Issuer Pre-review of Proxy Advice 

This rule mandates that proxy advisory firms give issuers (companies) an opportunity to review and provide feedback on proxy voting advice before proxy advisory firm clients get to see it. It also requires proxy advisory firms to include a link to an issuer’s position paper if the issuer disagrees with the proxy advisory firm’s conclusions. This is an unprecedented interference and is the opposite of what is required by regulation of stock analyst reports. Current rules prohibit analysts from sharing draft research reports with target companies, other than to check facts after approval from the firm’s legal or compliance department. 

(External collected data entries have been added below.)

(* Let $\lambda\in\mathbb N$ and $N=n+m$ with $n,m\in\mathbb N$. Then $$S_N(\lambda)=(-1)^{\lambda\frac{N(N-1)}{2}}\sum_{\substack{I_{kl}=-\lambda\\ 1\le k<l\le N}}^{\lambda}(-1)^{\sum_{k<l}I_{kl}}\prod_{1\le k<l\le N}\binom{2\lambda}{\lambda+I_{kl}}\prod_{k=1}^N\frac{1}{1+(N-1)\lambda+\sum_{l\ne k}I_{kl}},$$ $$S_{n,m}(\lambda)=(-1)^{\lambda(n(n-1)+m(m-1))/2}\sum_{\substack{I_{kl}=-\lambda\\ 1\le k<l\le N}}^{\lambda}(-1)^{\sum_{k<l}s_{kl}I_{kl}}\prod_{1\le k<l\le N}\binom{2\lambda}{\lambda+I_{kl}}\prod_{k=1}^N\frac{1}{1+(N-1)\lambda+\sum_{l\ne k}I_{kl}}.$$
   Context: Define $$S_N(\lambda)=\int_{[0,1]^N}\prod_{1\le k<l\le N}|y_k-y_l|^{2\lambda}\,dy,$$ $$S_{n,m}(\lambda)=\int_{[0,1]^N}\prod_{1\le k<l\le n}|y_k-y_l|^{2\lambda}\prod_{\substack{k=1,\dots,n\\ l=n+1,\dots,N}}|y_k+y_l|^{2\lambda}\prod_{n+1\le k<l\le N}|y_k-y_l|^{2\lambda}\,dy.$$ The sums run over all families of integers $I_{kl}\in\{-\lambda,\dots,\lambda\}$, one for each pair $1\le k<l\le N$, and $I_{kl}:=-I_{lk}$ for $k>l$. For $k<l$, $s_{kl}=1$ if the factor for the pair $(k,l)$ in the integrand of $S_{n,m}$ is $|y_k-y_l|^{2\lambda}$ (i.e. $k,l$ both in $\{1,\dots,n\}$ or both in $\{n+1,\dots,N\}$), and $s_{kl}=0$ if it is $|y_k+y_l|^{2\lambda}$. *)

From HB Require Import structures.
From mathcomp Require Import all_boot all_order all_algebra.
From mathcomp Require Import all_classical all_reals all_analysis.
Set Implicit Arguments. Unset Strict Implicit. Unset Printing Implicit Defensive.
Import Order.TTheory GRing.Theory Num.Theory.
Local Open Scope ring_scope.
Local Open Scope ereal_scope.

Definition vcons (R : Type) (N : nat) (x : R) (y : 'I_N -> R) : 'I_N.+1 -> R :=
  fun i => match unlift ord0 i with None => x | Some j => y j end.

Fixpoint cube_int (R : realType) (N : nat) : (('I_N -> R) -> \bar R) -> \bar R :=
  match N with
  | 0 => fun F => F (fun _ => 0%R)
  | N'.+1 => fun F =>
      \int[@lebesgue_measure R]_(x in `[0%R, 1%R]) cube_int (fun y => F (vcons x y))
  end.

Local Close Scope ereal_scope.

Definition S_N (R : realType) (lam N : nat) : \bar R :=
  cube_int (fun y : 'I_N -> R =>
    (\prod_(k < N) \prod_(l < N | (k < l)%N) `|y k - y l| ^+ (2 * lam))%:E).

(* same side of the split {1..n} | {n+1..n+m} : s_kl = 1 *)
Definition same_side (n m : nat) (k l : 'I_(n + m)) : bool := (k < n)%N == (l < n)%N.

Definition S_nm (R : realType) (lam n m : nat) : \bar R :=
  cube_int (fun y : 'I_(n + m) -> R =>
    (\prod_(k < n + m) \prod_(l < n + m | (k < l)%N)
       (if same_side k l then `|y k - y l| else `|y k + y l|) ^+ (2 * lam))%:E).

Notation pairs N := {p : 'I_N * 'I_N | (p.1 < p.2)%N}.

(* A family (I_kl)_{k<l} with I_kl in {-lam..lam} is encoded by
   J : {ffun pairs N -> 'I_(2 lam + 1)} with I_kl = J(k,l) - lam;
   Ival extends it with I_lk = - I_kl (and 0 on the diagonal, never used). *)
Definition Ival (lam N : nat) (J : {ffun pairs N -> 'I_(2 * lam).+1}) (k l : 'I_N) : int :=
  match @insub _ _ (pairs N) (k, l) with
  | Some p => (J p : nat)%:Z - lam%:Z
  | None => match @insub _ _ (pairs N) (l, k) with
            | Some p => lam%:Z - (J p : nat)%:Z
            | None => 0
            end
  end.

Definition Isum (R : realType) (lam N : nat) (s : 'I_N -> 'I_N -> bool) : R :=
  \sum_(J : {ffun pairs N -> 'I_(2 * lam).+1})
    (-1) ^ (\sum_(k < N) \sum_(l < N | (k < l)%N) (s k l)%:Z * Ival J k l)
    * (\prod_(k < N) \prod_(l < N | (k < l)%N) ('C(2 * lam, absz (lam%:Z + Ival J k l)%R))%:R)
    * \prod_(k < N)
        (((1 + (N - 1) * lam)%N%:Z + \sum_(l < N | l != k) Ival J k l)%:~R)^-1.

(** Since the exponent 2 lam is even, every factor is a polynomial,
    |y_k -+ y_l|^(2 lam) = (y_k -+ y_l)^(2 lam); expand it by the binomial
    theorem, indexing its terms by I_kl so that y_k is raised to lam + I_kl
    and y_l to lam - I_kl = lam + I_lk.
    Distributing the product over the pairs turns the integrand into a sum over
    the families (I_kl) of monomials prod_k y_k^((N-1) lam + sum_(l<>k) I_kl),
    and such a monomial integrates over [0,1]^N to
    prod_k 1 / (1 + (N-1) lam + sum_(l<>k) I_kl).  For a difference, the sign
    (-1)^(lam - I_kl) = (-1)^lam (-1)^(I_kl) leaves a global factor (-1)^lam
    for every pair with s_kl = 1: there are N(N-1)/2 such pairs for S_N, and
    n(n-1)/2 + m(m-1)/2 of them for S_{n,m}. *)

From HB Require Import structures.
From mathcomp Require Import all_boot all_order all_algebra.
From mathcomp Require Import all_classical all_reals all_analysis.
From mathcomp Require Import ring zify.
Set Implicit Arguments. Unset Strict Implicit. Unset Printing Implicit Defensive.
Import numFieldNormedType.Exports.
Import Order.TTheory GRing.Theory Num.Theory.
Local Open Scope ring_scope.

Lemma integral01_sum_monomials (R : realType) (T : finType) (c : T -> R) (a : T -> nat) :
  (\int[@lebesgue_measure R]_(x in `[0%R, 1%R]) (\sum_t c t * x ^+ a t)%:E)%E
  = (\sum_t c t / (a t).+1%:R)%:E.
Proof.
pose P : {poly R} := \sum_t (c t / (a t).+1%:R) *: 'X^((a t).+1).
have P'E x : (P^`()).[x] = \sum_t c t * x ^+ a t.
  rewrite /P raddf_sum horner_sum; apply: eq_bigr => t _.
  rewrite /= derivZ derivXn hornerZ hornerMn hornerXn -mulr_natr.
  by field; rewrite addrC natr1 pnatr_eq0.
have -> : (fun x => (\sum_t c t * x ^+ a t)%:E) = (fun x => (P^`()).[x]%:E).
  by apply/funext => x; rewrite P'E.
rewrite (@continuous_FTC2 R (horner P^`()) (horner P)) //.
- rewrite -EFinD /P !horner_sum -sumrB; congr EFin; apply: eq_bigr => t _.
  by rewrite !hornerZ !hornerXn expr1n expr0n mulr0 subr0 mulr1.
- by apply: continuous_subspaceT; exact: continuous_horner.
- split; first by move=> x _; exact: derivable_horner.
  + by apply: cvg_at_right_filter; exact: continuous_horner.
  + by apply: cvg_at_left_filter; exact: continuous_horner.
- by move=> x _; rewrite derivE.
Qed.

Lemma vcons0 (T : Type) N (x : T) (y : 'I_N -> T) : vcons x y ord0 = x.
Proof. by rewrite /vcons unlift_none. Qed.

Lemma vconsS (T : Type) N (x : T) (y : 'I_N -> T) i : vcons x y (lift ord0 i) = y i.
Proof. by rewrite /vcons liftK. Qed.

Lemma cube_int_sum_monomials (R : realType) N (T : finType) (c : T -> R)
    (e : T -> 'I_N -> nat) :
  cube_int (fun y : 'I_N -> R => (\sum_t c t * \prod_k y k ^+ e t k)%:E)
  = (\sum_t c t * \prod_k ((e t k).+1%:R)^-1)%:E.
Proof.
elim: N c e => [|N IH] c e /=.
  by congr EFin; apply: eq_bigr => t _; rewrite !big_ord0.
have -> : (fun x => cube_int (fun y => (\sum_t c t * \prod_k vcons x y k ^+ e t k)%:E))
  = fun x => (\sum_t (c t * \prod_(k < N) ((e t (lift ord0 k)).+1%:R)^-1)
                     * x ^+ e t ord0)%:E.
  apply/funext => x; transitivity (cube_int (fun y : 'I_N -> R =>
    (\sum_t (c t * x ^+ e t ord0) * \prod_k y k ^+ e t (lift ord0 k))%:E)).
    congr cube_int; apply/funext => y; congr EFin; apply: eq_bigr => t _.
    rewrite big_ord_recl vcons0 mulrA; congr (_ * _).
    by apply: eq_bigr => i _; rewrite vconsS.
  by rewrite IH; congr EFin; apply: eq_bigr => t _; rewrite mulrAC.
rewrite integral01_sum_monomials; congr EFin; apply: eq_bigr => t _.
by rewrite big_ord_recl mulrAC mulrA.
Qed.

Section FamilyEntries.
Variables (lam N : nat) (J : {ffun pairs N -> 'I_(2 * lam).+1}).

(* The exponent lam + I_kl of y_k in the binomial term chosen by J for the pair {k, l}. *)
Definition Iexp (k l : 'I_N) : nat := absz (lam%:Z + Ival J k l).

Lemma Ival_pair (p : pairs N) : Ival J (val p).1 (val p).2 = (J p : nat)%:Z - lam%:Z.
Proof.
rewrite /Ival -surjective_pairing; case: insubP => [q _ /val_inj -> // |].
by rewrite (valP p).
Qed.

Lemma IvalN (k l : 'I_N) : Ival J l k = - Ival J k l.
Proof.
rewrite /Ival.
case: (insubP (pairs N) (l, k)) => [p lk _ | _];
case: (insubP (pairs N) (k, l)) => [q kl _ | _] //=; rewrite ?opprB //.
by have := ltn_trans lk kl; rewrite ltnn.
Qed.

Lemma IexpE (k l : 'I_N) : (Iexp k l)%:Z = lam%:Z + Ival J k l.
Proof.
apply: gez0_abs; rewrite /Ival.
case: insubP => [p _ _ | _]; first by rewrite addrC subrK.
case: insubP => [p _ _ | _]; last by rewrite addr0.
have := ltn_ord (J p); rewrite ltnS => Jp_le.
by rewrite addrA -PoszD subr_ge0 lez_nat; lia.
Qed.

Lemma Iexp_pair (p : pairs N) : Iexp (val p).1 (val p).2 = J p.
Proof. by apply/eqP; rewrite -eqz_nat IexpE Ival_pair addrC subrK. Qed.

Lemma Iexp_pair_swap (p : pairs N) : Iexp (val p).2 (val p).1 = (2 * lam - J p)%N.
Proof.
have Jp_le : (J p <= 2 * lam)%N by rewrite -ltnS.
apply/eqP; rewrite -eqz_nat IexpE IvalN Ival_pair opprB addrA -PoszD addnn -mul2n.
by rewrite subzn.
Qed.

Lemma Iexp_sum (k : 'I_N) :
  ((\sum_(l < N | l != k) Iexp k l).+1)%:Z
  = (1 + (N - 1) * lam)%N%:Z + \sum_(l < N | l != k) Ival J k l.
Proof.
rewrite -addn1 addnC PoszD (big_morph Posz PoszD erefl).
under eq_bigr do rewrite IexpE.
rewrite big_split /= sumr_const cardC1 card_ord subn1 addrA.
by rewrite -mulr_natl natz -PoszM -PoszD.
Qed.

End FamilyEntries.

Lemma big_pairs (R : Type) (idx : R) (op : Monoid.com_law idx) N
    (F : 'I_N -> 'I_N -> R) :
  \big[op/idx]_(p : pairs N) F (val p).1 (val p).2
  = \big[op/idx]_(k < N) \big[op/idx]_(l < N | (k < l)%N) F k l.
Proof. by rewrite pair_big_dep (big_sub (fun p : 'I_N * 'I_N => (p.1 < p.2)%N)). Qed.

Lemma prod_neq_pairs (R : comPzSemiRingType) N (G : 'I_N -> 'I_N -> R) :
  \prod_(k < N) \prod_(l < N | l != k) G k l
  = \prod_(k < N) \prod_(l < N | (k < l)%N) G k l
    * \prod_(k < N) \prod_(l < N | (k < l)%N) G l k.
Proof.
have -> : \prod_(k < N) \prod_(l < N | (k < l)%N) G l k
          = \prod_(k < N) \prod_(l < N | (l < k)%N) G k l.
  rewrite (eq_bigr _ (fun k _ => big_mkcond _ _)) exchange_big /=.
  by apply: eq_bigr => k _; rewrite [RHS]big_mkcond.
rewrite -big_split; apply: eq_bigr => k _ /=.
rewrite (bigID (fun l : 'I_N => (k < l)%N)) /=.
by congr (_ * _); apply: eq_bigl => l; rewrite -(inj_eq val_inj) /=; lia.
Qed.

Lemma abs_pm_exprDn (R : realDomainType) (b : bool) (u v : R) lam :
  (if b then `|u - v| else `|u + v|) ^+ (2 * lam)
  = \sum_(j < (2 * lam).+1) 'C(2 * lam, j)%:R
      * (if b then (-1) ^+ (2 * lam - j) else 1) * (u ^+ j * v ^+ (2 * lam - j)).
Proof.
have absX2 x : `|x| ^+ (2 * lam) = x ^+ (2 * lam) :> R.
  by rewrite !exprM real_normK ?num_real.
case: b; rewrite absX2 addrC exprDn; apply: eq_bigr => j _.
  by rewrite [(- v) ^+ _]exprNn -mulr_natl; ring.
by rewrite -mulr_natl; ring.
Qed.

Lemma sign_binomial_shift (R : fieldType) lam j (b : bool) : (j <= 2 * lam)%N ->
  (if b then (-1) ^+ (2 * lam - j) else 1 : R)
  = (-1) ^+ (lam * b) * (-1) ^ ((b : nat)%:Z * (j%:Z - lam%:Z)).
Proof.
move=> j_le; case: b => /=; last by rewrite muln0 mul0r expr0z mulr1.
have N1_neq0 : (-1 : R) != 0 by rewrite oppr_eq0 oner_eq0.
rewrite muln1 mul1r expfzDr // -exprnN /= mulrCA mulfV ?signr_eq0 // mulr1.
by rewrite -signr_odd oddN ?signr_odd // oddM.
Qed.

Lemma card_pairs N : (\sum_(k < N) \sum_(l < N | k < l) 1 = 'C(N, 2))%N.
Proof.
elim: N => [|N IH]; first by rewrite big_ord0.
rewrite big_ord_recr /= [X in (_ + X)%N]big_pred0 => [|l]; last first.
  by rewrite ltnNge -ltnS ltn_ord.
rewrite addn0 (eq_bigr (fun k : 'I_N => \sum_(l < N | k < l) 1 + 1)%N) => [|k _].
  by rewrite big_split /= IH sum1_card card_ord binS bin1.
by rewrite big_mkcond big_ord_recr /= -big_mkcond /= ltn_ord.
Qed.

Lemma count_same_side n m :
  (\sum_(k < n + m) \sum_(l < n + m | k < l) same_side k l = 'C(n, 2) + 'C(m, 2))%N.
Proof.
rewrite big_split_ord /= -card_pairs -[in RHS]card_pairs.
congr (_ + _); apply: eq_bigr => k _; rewrite big_split_ord /=.
  rewrite [X in (_ + X)%N]big1 ?addn0 => [|i _]; last first.
    by rewrite /same_side /= ltn_ord ltnNge leq_addr.
  by apply: eq_bigr => i _; rewrite /same_side /= !ltn_ord.
rewrite big1 /= => [|i _]; last by rewrite /same_side /= ltn_ord ltnNge leq_addr.
apply: eq_big => [i | i _]; first by rewrite ltn_add2l.
by rewrite /same_side /= !ltnNge !leq_addr.
Qed.

Section Expansion.
Variables (R : realFieldType) (lam N : nat) (s : 'I_N -> 'I_N -> bool).

Lemma prod_pairs_family_term (J : {ffun pairs N -> 'I_(2 * lam).+1}) (y : 'I_N -> R) :
  \prod_(p : pairs N) ('C(2 * lam, J p)%:R
      * (if s (val p).1 (val p).2 then (-1) ^+ (2 * lam - J p) else 1)
      * (y (val p).1 ^+ J p * y (val p).2 ^+ (2 * lam - J p)))
  = (-1) ^+ (lam * \sum_(k < N) \sum_(l < N | (k < l)%N) s k l)
    * ((-1) ^ (\sum_(k < N) \sum_(l < N | (k < l)%N) (s k l)%:Z * Ival J k l)
       * \prod_(k < N) \prod_(l < N | (k < l)%N) 'C(2 * lam, Iexp J k l)%:R)
    * \prod_(k < N) y k ^+ (\sum_(l < N | l != k) Iexp J k l).
Proof.
have N1_neq0 : (-1 : R) != 0 by rewrite oppr_eq0 oner_eq0.
have signz_sum := big_morph (fun z : int => (-1 : R) ^ z)
  (fun a b => expfzDr a b N1_neq0) (expr0z _).
have sign_nat : \prod_(k < N) \prod_(l < N | (k < l)%N) (-1) ^+ (lam * s k l)
    = (-1) ^+ (lam * \sum_(k < N) \sum_(l < N | (k < l)%N) s k l) :> R.
  under eq_bigr do rewrite prodrXr.
  rewrite prodrXr; congr (_ ^+ _); rewrite big_distrr; apply: eq_bigr => k _.
  by rewrite big_distrr.
have sign_int : \prod_(k < N) \prod_(l < N | (k < l)%N) (-1) ^ ((s k l)%:Z * Ival J k l)
    = (-1) ^ (\sum_(k < N) \sum_(l < N | (k < l)%N) (s k l)%:Z * Ival J k l) :> R.
  by rewrite signz_sum; apply: eq_bigr => k _; rewrite signz_sum.
have monomial : \prod_(k < N) \prod_(l < N | (k < l)%N) y k ^+ Iexp J k l
      * \prod_(k < N) \prod_(l < N | (k < l)%N) y l ^+ Iexp J l k
    = \prod_(k < N) y k ^+ (\sum_(l < N | l != k) Iexp J k l).
  by rewrite -prod_neq_pairs; apply: eq_bigr => k _; rewrite prodrXr.
pose T k l := 'C(2 * lam, Iexp J k l)%:R
  * ((-1) ^+ (lam * s k l) * (-1) ^ ((s k l)%:Z * Ival J k l))
  * (y k ^+ Iexp J k l * y l ^+ Iexp J l k).
rewrite (eq_bigr (fun p => T (val p).1 (val p).2)) => [|p _]; last first.
  rewrite /T Iexp_pair Iexp_pair_swap Ival_pair -sign_binomial_shift //.
  by rewrite -ltnS.
rewrite big_pairs /T.
under eq_bigr do rewrite !big_split /=.
rewrite !big_split /= sign_nat sign_int monomial; congr (_ * _).
by rewrite mulrC -mulrA.
Qed.

Lemma prod_abs_pm_expansion (y : 'I_N -> R) :
  \prod_(k < N) \prod_(l < N | (k < l)%N)
     (if s k l then `|y k - y l| else `|y k + y l|) ^+ (2 * lam)
  = \sum_(J : {ffun pairs N -> 'I_(2 * lam).+1})
      (-1) ^+ (lam * \sum_(k < N) \sum_(l < N | (k < l)%N) s k l)
      * ((-1) ^ (\sum_(k < N) \sum_(l < N | (k < l)%N) (s k l)%:Z * Ival J k l)
         * \prod_(k < N) \prod_(l < N | (k < l)%N) 'C(2 * lam, Iexp J k l)%:R)
      * \prod_(k < N) y k ^+ (\sum_(l < N | l != k) Iexp J k l).
Proof.
under eq_bigr => k _ do under eq_bigr => l _ do rewrite abs_pm_exprDn.
rewrite -(big_pairs _ (fun k l => \sum_(j < (2 * lam).+1) 'C(2 * lam, j)%:R
  * (if s k l then (-1) ^+ (2 * lam - j) else 1) * (y k ^+ j * y l ^+ (2 * lam - j)))).
by rewrite bigA_distr_bigA; apply: eq_bigr => J _; rewrite prod_pairs_family_term.
Qed.

End Expansion.

Lemma cube_int_prod_abs_pm (R : realType) lam N (s : 'I_N -> 'I_N -> bool) :
  cube_int (fun y : 'I_N -> R => (\prod_(k < N) \prod_(l < N | (k < l)%N)
       (if s k l then `|y k - y l| else `|y k + y l|) ^+ (2 * lam))%:E)
  = ((-1) ^+ (lam * \sum_(k < N) \sum_(l < N | (k < l)%N) s k l) * Isum R lam s)%:E.
Proof.
rewrite (congr1 (@cube_int R N)
  (funext (fun y => congr1 EFin (prod_abs_pm_expansion lam s y)))).
rewrite cube_int_sum_monomials /Isum mulr_sumr; congr EFin; apply: eq_bigr => J _.
rewrite -!mulrA; do 3 congr (_ * _); apply: eq_bigr => k _.
by rewrite -Iexp_sum.
Qed.

Theorem proposition3 (R : realType) (lam n m : nat) :
  S_N R lam (n + m) =
    ((-1) ^+ (lam * ((n + m) * (n + m - 1) %/ 2))
       * Isum R lam (fun _ _ : 'I_(n + m) => true))%:E
  /\
  S_nm R lam n m =
    ((-1) ^+ (lam * ((n * (n - 1) + m * (m - 1)) %/ 2))
       * Isum R lam (fun k l : 'I_(n + m) => same_side k l))%:E.
Proof.
have mul_pred_bin2 k : (k * (k - 1) = 2 * 'C(k, 2))%N.
  by rewrite subn1 -[k.-1]bin1 mul_bin_diag.
split.
  rewrite mul_pred_bin2 mulKn // -card_pairs.
  exact: (@cube_int_prod_abs_pm R lam (n + m) (fun _ _ => true)).
rewrite !mul_pred_bin2 -mulnDr mulKn // -count_same_side.
exact: (@cube_int_prod_abs_pm R lam (n + m) (@same_side n m)).
Qed.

Therefore, if the SEC adopts its proxy advisor regulation, an analyst and a proxy advisor could write a report on the same company and the analyst would violate securities laws by showing it to the company in advance, while the proxy adviser would violate the law if it did not show it to the company in advance. 

Currently, the two predominant proxy advisory firms, ISS and Glass-Lewis, have an informal process to allow issuers to correct any factual inaccuracies in their reports. 

Disclosure of Conflicts 

The proposed rule includes a largely non-controversial provision that mandates that proxy advisors disclose material conflicts of interest in their voting advice.